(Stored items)
*****

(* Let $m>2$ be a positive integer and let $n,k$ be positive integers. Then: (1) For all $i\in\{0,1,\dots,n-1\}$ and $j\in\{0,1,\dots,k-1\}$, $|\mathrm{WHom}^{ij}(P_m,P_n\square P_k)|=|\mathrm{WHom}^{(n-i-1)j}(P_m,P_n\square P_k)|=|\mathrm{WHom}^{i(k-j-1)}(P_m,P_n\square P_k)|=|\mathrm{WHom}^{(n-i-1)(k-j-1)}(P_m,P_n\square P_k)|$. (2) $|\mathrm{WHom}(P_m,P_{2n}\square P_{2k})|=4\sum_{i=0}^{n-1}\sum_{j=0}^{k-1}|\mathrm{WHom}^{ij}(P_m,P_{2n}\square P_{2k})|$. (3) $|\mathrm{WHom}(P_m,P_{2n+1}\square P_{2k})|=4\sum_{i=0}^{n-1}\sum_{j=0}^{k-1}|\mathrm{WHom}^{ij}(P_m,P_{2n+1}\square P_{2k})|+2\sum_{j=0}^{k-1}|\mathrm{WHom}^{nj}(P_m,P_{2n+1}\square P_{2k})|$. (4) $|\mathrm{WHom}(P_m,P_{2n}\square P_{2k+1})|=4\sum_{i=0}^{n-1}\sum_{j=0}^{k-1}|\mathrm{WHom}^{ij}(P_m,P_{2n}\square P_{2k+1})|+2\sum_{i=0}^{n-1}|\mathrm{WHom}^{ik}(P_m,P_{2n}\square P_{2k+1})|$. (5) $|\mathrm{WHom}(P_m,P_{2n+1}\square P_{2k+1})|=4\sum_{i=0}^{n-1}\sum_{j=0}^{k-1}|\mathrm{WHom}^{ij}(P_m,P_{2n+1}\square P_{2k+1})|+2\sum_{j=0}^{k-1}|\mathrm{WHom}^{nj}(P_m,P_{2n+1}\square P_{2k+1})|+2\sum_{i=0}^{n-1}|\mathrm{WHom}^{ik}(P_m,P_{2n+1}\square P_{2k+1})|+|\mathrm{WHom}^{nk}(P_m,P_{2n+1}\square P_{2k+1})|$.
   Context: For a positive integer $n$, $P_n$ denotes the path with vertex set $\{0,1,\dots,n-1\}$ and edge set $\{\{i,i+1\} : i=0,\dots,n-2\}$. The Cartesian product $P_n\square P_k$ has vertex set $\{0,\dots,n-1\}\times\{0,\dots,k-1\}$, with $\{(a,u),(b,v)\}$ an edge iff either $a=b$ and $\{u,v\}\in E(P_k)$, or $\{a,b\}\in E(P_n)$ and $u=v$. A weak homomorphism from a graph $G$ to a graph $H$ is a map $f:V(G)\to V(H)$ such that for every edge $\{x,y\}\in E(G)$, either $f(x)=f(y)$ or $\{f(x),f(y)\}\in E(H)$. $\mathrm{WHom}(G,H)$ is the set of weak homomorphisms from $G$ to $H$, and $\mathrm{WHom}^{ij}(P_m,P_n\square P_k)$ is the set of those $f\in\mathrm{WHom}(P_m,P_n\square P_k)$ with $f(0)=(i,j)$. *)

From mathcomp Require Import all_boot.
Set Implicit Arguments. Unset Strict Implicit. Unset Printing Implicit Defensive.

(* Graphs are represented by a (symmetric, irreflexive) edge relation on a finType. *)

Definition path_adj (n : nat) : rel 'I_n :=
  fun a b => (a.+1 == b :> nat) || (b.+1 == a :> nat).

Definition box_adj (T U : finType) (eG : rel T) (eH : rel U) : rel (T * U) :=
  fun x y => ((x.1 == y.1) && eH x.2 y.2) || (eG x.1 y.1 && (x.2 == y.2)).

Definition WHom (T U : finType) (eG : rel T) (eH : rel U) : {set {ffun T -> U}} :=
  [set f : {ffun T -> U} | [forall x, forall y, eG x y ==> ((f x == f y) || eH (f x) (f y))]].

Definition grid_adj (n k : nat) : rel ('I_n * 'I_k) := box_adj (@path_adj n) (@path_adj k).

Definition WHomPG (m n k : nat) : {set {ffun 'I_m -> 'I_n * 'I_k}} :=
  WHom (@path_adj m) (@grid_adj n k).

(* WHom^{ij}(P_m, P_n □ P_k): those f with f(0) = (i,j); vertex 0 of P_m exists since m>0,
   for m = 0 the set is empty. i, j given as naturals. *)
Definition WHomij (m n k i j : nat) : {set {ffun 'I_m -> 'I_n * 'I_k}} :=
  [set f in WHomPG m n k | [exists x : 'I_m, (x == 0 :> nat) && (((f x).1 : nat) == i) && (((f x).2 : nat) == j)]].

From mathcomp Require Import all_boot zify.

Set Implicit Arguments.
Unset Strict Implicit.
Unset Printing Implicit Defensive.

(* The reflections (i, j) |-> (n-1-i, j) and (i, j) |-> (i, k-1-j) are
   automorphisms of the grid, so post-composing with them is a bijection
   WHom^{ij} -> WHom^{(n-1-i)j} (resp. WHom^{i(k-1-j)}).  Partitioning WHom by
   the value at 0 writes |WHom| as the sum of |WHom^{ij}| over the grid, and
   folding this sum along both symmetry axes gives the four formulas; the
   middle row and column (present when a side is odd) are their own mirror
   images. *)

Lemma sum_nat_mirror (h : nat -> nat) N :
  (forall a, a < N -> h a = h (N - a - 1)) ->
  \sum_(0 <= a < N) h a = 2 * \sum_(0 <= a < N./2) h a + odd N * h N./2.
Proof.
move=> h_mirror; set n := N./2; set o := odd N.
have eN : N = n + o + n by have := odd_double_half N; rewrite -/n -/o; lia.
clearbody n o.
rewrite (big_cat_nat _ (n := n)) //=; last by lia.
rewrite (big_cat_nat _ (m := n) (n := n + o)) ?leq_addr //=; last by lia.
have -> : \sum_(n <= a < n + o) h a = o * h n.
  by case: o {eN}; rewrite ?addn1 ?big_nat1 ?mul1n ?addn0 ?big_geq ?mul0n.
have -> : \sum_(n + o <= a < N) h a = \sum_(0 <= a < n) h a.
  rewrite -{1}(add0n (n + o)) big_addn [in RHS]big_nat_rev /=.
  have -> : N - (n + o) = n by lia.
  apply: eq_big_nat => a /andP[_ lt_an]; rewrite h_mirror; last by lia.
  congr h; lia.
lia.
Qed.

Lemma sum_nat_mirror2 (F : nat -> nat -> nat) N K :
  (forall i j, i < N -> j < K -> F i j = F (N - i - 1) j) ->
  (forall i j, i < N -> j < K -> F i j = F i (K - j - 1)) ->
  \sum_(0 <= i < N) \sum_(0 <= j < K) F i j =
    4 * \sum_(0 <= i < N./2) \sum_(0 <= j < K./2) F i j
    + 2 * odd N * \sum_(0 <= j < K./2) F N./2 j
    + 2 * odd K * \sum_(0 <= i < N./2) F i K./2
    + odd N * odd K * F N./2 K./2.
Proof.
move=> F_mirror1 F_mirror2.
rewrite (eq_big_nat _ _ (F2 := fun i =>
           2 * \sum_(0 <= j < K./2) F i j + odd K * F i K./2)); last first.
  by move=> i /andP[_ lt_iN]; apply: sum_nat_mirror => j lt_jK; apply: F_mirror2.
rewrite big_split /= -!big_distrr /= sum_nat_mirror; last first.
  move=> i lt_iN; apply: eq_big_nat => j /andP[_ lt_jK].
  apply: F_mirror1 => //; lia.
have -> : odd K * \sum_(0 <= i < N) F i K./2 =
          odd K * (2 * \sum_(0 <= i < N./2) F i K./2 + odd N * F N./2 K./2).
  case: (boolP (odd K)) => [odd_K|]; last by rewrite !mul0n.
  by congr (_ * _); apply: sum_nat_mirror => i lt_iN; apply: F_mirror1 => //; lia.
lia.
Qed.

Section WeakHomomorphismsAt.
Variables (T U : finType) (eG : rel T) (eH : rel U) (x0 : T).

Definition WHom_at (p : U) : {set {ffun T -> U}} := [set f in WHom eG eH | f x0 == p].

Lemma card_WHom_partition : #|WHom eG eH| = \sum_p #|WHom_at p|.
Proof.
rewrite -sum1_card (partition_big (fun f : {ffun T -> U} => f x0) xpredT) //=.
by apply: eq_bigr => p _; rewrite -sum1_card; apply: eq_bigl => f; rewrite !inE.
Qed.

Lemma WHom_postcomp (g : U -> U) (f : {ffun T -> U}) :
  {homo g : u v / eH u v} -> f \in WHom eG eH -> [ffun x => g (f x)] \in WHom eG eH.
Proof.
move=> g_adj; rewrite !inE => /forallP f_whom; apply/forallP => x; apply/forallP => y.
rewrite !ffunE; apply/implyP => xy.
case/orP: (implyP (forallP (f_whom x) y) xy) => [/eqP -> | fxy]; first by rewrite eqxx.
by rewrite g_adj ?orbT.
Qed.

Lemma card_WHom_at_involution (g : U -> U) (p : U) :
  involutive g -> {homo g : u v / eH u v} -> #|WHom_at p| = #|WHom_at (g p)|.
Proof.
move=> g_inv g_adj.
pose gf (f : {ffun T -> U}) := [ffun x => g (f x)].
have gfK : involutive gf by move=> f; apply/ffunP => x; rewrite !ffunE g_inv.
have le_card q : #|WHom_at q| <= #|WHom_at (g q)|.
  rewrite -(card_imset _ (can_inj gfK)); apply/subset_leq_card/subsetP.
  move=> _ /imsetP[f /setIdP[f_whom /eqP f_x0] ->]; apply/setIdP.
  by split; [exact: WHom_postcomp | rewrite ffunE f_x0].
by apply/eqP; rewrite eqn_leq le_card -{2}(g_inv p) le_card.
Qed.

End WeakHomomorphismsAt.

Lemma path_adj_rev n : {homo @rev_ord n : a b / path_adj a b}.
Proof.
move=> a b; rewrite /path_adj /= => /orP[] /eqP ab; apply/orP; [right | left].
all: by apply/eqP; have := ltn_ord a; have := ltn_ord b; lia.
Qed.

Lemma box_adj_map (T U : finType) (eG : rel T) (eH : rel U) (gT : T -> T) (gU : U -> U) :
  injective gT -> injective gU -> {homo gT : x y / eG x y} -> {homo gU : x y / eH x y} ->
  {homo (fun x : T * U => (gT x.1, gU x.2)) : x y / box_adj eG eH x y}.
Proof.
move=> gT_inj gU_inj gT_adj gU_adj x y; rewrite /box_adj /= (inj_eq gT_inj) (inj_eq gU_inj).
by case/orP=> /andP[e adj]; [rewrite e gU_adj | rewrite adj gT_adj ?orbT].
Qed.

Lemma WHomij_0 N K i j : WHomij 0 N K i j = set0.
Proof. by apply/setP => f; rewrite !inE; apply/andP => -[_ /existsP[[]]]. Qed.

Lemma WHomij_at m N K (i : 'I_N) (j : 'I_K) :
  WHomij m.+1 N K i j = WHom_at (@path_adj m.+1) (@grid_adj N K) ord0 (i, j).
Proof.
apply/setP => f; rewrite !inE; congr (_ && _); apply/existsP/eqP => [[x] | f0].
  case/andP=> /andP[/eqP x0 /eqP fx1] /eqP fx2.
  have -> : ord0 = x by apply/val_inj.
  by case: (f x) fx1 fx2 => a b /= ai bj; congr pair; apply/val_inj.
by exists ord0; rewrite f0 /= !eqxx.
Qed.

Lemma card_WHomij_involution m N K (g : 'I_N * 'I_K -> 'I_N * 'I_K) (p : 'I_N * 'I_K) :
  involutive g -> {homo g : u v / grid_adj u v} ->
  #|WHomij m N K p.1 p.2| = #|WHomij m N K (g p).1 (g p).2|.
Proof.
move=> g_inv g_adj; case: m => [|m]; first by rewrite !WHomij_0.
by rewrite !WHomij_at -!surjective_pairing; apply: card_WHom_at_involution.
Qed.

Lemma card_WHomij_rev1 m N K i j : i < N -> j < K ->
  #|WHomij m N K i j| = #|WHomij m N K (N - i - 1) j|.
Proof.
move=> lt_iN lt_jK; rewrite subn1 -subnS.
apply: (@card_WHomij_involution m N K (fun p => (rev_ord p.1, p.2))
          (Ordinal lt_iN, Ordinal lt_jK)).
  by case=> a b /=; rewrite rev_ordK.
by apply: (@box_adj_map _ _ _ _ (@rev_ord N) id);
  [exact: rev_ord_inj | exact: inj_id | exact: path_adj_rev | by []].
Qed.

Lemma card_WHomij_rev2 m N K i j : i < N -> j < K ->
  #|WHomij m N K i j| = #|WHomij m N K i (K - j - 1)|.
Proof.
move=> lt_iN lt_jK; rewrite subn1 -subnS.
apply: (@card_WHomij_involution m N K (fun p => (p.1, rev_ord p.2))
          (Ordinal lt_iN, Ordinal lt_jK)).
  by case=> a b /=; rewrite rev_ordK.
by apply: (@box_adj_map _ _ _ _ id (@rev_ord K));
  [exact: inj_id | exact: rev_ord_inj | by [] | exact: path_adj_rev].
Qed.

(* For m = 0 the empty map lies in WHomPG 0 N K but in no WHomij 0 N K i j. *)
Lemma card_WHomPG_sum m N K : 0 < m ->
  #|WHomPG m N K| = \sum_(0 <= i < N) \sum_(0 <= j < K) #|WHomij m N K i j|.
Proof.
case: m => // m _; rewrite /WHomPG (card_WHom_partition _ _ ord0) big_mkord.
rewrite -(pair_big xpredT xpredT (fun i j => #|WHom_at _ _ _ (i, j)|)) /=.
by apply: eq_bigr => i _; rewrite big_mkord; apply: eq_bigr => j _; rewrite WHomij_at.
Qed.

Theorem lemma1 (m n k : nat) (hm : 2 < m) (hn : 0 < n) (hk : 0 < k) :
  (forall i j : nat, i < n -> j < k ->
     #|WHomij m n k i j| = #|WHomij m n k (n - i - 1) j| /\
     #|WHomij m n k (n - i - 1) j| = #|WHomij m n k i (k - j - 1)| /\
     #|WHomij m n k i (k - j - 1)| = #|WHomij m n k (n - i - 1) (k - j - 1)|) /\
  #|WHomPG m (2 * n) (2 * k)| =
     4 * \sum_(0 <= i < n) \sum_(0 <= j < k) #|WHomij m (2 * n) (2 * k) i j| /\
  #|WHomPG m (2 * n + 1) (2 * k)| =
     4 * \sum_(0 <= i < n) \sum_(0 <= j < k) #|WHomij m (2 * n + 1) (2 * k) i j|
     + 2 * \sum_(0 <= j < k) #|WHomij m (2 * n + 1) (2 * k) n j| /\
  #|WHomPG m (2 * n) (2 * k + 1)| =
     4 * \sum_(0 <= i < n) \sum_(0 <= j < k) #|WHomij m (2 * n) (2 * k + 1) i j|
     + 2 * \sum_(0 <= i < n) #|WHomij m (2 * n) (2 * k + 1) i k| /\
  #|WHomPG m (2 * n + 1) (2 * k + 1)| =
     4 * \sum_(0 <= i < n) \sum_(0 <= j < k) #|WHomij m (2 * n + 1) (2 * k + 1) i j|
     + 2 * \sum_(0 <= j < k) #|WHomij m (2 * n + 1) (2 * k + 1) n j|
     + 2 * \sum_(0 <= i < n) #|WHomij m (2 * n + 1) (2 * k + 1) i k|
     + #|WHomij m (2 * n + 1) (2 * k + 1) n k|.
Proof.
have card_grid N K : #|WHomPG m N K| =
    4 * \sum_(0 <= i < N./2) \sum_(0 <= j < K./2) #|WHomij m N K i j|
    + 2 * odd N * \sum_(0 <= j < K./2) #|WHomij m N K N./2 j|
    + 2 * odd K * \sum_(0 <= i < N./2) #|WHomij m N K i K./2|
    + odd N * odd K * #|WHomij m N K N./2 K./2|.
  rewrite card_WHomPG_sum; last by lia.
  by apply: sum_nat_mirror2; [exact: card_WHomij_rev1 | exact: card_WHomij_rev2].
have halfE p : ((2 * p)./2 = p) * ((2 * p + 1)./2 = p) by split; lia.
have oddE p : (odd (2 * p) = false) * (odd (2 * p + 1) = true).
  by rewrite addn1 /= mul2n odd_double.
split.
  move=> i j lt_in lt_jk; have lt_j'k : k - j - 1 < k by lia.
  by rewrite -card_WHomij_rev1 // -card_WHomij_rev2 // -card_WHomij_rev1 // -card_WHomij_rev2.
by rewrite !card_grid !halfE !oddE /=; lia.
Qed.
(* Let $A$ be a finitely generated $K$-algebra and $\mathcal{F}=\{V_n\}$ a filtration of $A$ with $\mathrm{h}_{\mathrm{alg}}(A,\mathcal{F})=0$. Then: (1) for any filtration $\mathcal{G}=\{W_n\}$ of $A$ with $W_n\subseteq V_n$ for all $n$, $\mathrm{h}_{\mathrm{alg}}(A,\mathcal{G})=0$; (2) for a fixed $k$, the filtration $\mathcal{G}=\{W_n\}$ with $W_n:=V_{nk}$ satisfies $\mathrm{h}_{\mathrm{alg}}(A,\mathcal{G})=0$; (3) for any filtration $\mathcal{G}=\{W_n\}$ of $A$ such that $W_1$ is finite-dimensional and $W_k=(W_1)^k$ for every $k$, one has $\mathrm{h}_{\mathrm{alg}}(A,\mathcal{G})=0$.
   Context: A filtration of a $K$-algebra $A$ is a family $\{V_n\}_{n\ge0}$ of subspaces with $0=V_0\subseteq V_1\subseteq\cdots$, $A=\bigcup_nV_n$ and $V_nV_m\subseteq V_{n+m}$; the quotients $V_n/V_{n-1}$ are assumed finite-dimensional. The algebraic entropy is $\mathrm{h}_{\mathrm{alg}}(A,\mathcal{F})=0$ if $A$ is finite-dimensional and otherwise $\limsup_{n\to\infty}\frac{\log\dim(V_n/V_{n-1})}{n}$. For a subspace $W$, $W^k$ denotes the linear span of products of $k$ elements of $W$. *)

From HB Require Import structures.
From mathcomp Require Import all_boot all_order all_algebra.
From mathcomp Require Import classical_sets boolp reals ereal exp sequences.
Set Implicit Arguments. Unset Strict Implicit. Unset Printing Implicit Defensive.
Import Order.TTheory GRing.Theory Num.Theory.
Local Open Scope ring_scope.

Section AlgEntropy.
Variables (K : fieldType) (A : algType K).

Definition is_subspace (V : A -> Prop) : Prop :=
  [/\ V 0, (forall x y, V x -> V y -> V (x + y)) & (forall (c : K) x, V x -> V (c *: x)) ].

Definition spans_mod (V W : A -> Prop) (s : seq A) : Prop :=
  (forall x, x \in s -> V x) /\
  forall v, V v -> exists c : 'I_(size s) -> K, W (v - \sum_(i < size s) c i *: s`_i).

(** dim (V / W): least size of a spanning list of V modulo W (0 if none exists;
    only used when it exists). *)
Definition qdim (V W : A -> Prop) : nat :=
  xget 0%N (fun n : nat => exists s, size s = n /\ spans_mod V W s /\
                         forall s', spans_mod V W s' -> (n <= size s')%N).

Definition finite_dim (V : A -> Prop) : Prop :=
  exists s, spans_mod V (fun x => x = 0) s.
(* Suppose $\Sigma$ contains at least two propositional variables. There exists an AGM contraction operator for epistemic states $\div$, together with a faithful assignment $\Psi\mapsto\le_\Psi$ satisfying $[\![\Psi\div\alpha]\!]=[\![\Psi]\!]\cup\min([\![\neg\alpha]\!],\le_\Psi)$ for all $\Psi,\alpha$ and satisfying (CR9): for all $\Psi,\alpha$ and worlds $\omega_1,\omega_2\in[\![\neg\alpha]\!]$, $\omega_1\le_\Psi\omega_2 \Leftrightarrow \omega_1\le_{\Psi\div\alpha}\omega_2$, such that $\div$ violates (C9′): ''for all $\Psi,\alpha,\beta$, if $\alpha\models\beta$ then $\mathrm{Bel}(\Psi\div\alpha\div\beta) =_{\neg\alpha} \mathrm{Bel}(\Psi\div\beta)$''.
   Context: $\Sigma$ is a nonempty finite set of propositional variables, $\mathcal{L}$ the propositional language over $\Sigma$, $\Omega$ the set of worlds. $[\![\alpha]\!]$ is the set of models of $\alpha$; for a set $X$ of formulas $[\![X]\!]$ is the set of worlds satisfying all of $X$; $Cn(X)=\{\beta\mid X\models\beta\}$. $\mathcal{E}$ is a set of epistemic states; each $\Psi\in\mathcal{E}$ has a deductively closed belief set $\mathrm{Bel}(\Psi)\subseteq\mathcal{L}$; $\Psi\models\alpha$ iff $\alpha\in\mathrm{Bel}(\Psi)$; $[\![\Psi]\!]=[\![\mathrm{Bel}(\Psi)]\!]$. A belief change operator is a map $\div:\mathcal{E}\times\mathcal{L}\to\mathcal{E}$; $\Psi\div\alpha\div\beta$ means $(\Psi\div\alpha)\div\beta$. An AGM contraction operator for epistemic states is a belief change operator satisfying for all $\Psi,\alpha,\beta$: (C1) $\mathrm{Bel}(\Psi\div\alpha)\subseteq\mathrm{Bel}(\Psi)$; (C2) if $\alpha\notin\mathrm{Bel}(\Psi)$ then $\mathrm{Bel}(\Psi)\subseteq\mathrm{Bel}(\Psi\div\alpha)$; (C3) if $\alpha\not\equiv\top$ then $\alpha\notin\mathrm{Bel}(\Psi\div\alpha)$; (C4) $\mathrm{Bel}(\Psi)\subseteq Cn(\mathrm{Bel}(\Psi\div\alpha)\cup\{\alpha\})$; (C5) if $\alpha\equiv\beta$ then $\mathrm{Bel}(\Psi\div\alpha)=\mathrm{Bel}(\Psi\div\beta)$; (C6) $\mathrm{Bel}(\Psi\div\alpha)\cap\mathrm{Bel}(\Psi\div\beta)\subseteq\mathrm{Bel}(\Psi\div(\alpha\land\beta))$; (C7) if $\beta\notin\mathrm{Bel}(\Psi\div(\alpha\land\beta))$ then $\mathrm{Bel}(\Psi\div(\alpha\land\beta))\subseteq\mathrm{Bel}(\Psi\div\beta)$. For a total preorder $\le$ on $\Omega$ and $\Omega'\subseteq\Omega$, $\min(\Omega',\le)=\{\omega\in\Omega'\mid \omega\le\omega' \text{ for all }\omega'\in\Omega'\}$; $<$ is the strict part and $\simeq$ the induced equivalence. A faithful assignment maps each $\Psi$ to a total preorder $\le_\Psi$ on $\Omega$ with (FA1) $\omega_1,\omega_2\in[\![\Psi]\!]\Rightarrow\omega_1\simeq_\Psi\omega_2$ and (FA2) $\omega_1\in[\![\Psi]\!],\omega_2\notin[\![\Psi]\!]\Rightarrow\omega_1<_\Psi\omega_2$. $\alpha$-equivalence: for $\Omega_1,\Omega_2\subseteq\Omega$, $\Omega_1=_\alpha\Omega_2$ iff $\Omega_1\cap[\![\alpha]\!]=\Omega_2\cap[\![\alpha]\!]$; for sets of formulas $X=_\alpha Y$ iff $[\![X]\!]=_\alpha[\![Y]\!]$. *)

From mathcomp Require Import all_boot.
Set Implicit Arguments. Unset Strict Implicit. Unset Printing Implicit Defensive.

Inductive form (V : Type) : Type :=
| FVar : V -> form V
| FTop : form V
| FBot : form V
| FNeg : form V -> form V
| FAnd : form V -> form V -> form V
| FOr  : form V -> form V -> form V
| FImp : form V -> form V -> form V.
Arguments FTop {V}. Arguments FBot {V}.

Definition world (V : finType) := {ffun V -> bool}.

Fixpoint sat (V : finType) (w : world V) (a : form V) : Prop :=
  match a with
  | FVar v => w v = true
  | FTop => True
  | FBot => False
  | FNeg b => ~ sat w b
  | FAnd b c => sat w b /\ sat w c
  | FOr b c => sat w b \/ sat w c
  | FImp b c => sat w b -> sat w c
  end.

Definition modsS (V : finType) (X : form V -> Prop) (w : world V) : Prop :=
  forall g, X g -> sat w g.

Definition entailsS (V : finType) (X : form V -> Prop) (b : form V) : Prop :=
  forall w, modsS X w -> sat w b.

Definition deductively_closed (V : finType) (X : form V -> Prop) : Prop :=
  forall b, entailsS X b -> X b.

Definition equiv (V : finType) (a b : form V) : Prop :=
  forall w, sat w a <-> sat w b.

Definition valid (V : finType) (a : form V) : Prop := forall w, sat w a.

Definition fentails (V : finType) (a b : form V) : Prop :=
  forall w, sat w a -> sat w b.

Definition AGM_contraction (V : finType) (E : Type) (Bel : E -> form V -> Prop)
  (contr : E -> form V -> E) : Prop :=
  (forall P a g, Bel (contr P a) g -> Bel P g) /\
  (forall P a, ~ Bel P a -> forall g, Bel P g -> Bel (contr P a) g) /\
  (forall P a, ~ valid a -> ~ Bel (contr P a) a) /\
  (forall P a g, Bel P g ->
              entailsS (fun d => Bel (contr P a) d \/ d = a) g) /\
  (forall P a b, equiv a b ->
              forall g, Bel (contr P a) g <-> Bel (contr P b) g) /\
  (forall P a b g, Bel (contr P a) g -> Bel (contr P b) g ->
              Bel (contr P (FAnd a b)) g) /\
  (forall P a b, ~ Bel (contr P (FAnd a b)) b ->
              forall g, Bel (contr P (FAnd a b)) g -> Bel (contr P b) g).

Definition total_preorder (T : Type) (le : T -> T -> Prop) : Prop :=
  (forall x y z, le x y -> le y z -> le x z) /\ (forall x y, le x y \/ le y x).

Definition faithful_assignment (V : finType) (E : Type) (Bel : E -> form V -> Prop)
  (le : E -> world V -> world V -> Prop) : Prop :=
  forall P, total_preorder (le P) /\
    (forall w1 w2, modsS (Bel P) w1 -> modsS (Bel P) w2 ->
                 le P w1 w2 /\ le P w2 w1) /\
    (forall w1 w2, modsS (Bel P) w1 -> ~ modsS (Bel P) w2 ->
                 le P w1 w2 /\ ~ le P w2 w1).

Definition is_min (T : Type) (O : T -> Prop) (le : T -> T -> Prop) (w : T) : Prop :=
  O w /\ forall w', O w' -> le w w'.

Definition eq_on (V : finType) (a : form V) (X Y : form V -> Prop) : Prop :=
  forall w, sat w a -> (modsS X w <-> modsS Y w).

*****

• **Exercise directions**: The range runs from the line above containing "(** dim (V / W): least" to the line containing "exists s, spans_mod V (fun x => x = 0) s.", inclusive. Restate those lines word for word and no others.

• **Output of the task**:
(** dim (V / W): least size of a spanning list of V modulo W (0 if none exists;
    only used when it exists). *)
Definition qdim (V W : A -> Prop) : nat :=
  xget 0%N (fun n : nat => exists s, size s = n /\ spans_mod V W s /\
                         forall s', spans_mod V W s' -> (n <= size s')%N).

Definition finite_dim (V : A -> Prop) : Prop :=
  exists s, spans_mod V (fun x => x = 0) s.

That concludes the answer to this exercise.